# Assignment:
An exact, word-for-word copy of the entries is required, beginning at the line that contains "Lemma sumR_ge0 (I" and ending at the last line, both included.

START Dataset records

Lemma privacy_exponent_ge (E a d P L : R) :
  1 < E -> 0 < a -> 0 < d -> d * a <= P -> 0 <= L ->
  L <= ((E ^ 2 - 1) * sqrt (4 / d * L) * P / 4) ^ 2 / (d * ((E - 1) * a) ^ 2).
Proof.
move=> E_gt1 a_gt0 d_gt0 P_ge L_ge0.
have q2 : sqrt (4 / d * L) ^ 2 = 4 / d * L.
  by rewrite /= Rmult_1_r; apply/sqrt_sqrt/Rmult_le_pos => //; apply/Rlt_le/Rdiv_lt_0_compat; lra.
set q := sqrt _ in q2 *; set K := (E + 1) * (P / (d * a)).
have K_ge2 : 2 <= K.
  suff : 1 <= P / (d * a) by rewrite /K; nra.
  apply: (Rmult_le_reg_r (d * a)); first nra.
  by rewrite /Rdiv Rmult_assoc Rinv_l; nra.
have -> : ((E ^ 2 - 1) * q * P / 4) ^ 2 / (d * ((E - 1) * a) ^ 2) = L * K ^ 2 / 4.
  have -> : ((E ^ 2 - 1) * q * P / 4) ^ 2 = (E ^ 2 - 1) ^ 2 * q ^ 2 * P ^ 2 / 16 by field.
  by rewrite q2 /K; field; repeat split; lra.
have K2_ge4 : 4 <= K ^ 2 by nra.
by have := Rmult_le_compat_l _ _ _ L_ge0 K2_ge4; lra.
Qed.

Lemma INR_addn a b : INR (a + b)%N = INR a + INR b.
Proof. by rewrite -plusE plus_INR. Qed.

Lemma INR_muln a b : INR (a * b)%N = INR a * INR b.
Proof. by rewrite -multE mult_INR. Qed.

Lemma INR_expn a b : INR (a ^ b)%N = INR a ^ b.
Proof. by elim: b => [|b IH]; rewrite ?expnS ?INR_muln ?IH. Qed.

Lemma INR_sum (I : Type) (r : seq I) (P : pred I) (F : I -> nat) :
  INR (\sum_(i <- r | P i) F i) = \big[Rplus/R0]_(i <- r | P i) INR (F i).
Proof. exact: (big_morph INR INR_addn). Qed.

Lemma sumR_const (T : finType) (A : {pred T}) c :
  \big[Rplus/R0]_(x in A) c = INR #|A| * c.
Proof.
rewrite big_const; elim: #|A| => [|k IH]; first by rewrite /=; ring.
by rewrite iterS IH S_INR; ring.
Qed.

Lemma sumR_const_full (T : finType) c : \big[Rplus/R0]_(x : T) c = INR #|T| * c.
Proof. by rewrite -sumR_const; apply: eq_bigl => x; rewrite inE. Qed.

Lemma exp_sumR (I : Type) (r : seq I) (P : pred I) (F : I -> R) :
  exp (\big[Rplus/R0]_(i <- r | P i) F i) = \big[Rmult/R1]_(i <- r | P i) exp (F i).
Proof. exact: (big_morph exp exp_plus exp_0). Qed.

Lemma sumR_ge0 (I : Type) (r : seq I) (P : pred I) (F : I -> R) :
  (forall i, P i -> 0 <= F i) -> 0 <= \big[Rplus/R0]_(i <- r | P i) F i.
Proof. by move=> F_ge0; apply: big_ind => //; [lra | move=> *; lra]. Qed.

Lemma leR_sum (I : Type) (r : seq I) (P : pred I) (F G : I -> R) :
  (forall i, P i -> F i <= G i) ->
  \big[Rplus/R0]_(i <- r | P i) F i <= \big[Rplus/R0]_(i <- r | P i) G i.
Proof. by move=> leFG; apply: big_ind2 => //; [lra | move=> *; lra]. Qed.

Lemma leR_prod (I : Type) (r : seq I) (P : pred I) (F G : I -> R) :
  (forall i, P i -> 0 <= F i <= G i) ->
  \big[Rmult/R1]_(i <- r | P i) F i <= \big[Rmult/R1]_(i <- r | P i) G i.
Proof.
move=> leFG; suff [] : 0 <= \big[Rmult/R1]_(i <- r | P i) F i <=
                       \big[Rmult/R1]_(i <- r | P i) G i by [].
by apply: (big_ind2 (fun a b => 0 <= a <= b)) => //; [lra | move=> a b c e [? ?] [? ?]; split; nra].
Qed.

END Dataset records

# Answer section:
Lemma sumR_ge0 (I : Type) (r : seq I) (P : pred I) (F : I -> R) :
  (forall i, P i -> 0 <= F i) -> 0 <= \big[Rplus/R0]_(i <- r | P i) F i.
Proof. by move=> F_ge0; apply: big_ind => //; [lra | move=> *; lra]. Qed.

Lemma leR_sum (I : Type) (r : seq I) (P : pred I) (F G : I -> R) :
  (forall i, P i -> F i <= G i) ->
  \big[Rplus/R0]_(i <- r | P i) F i <= \big[Rplus/R0]_(i <- r | P i) G i.
Proof. by move=> leFG; apply: big_ind2 => //; [lra | move=> *; lra]. Qed.

Lemma leR_prod (I : Type) (r : seq I) (P : pred I) (F G : I -> R) :
  (forall i, P i -> 0 <= F i <= G i) ->
  \big[Rmult/R1]_(i <- r | P i) F i <= \big[Rmult/R1]_(i <- r | P i) G i.
Proof.
move=> leFG; suff [] : 0 <= \big[Rmult/R1]_(i <- r | P i) F i <=
                       \big[Rmult/R1]_(i <- r | P i) G i by [].
by apply: (big_ind2 (fun a b => 0 <= a <= b)) => //; [lra | move=> a b c e [? ?] [? ?]; split; nra].
Qed.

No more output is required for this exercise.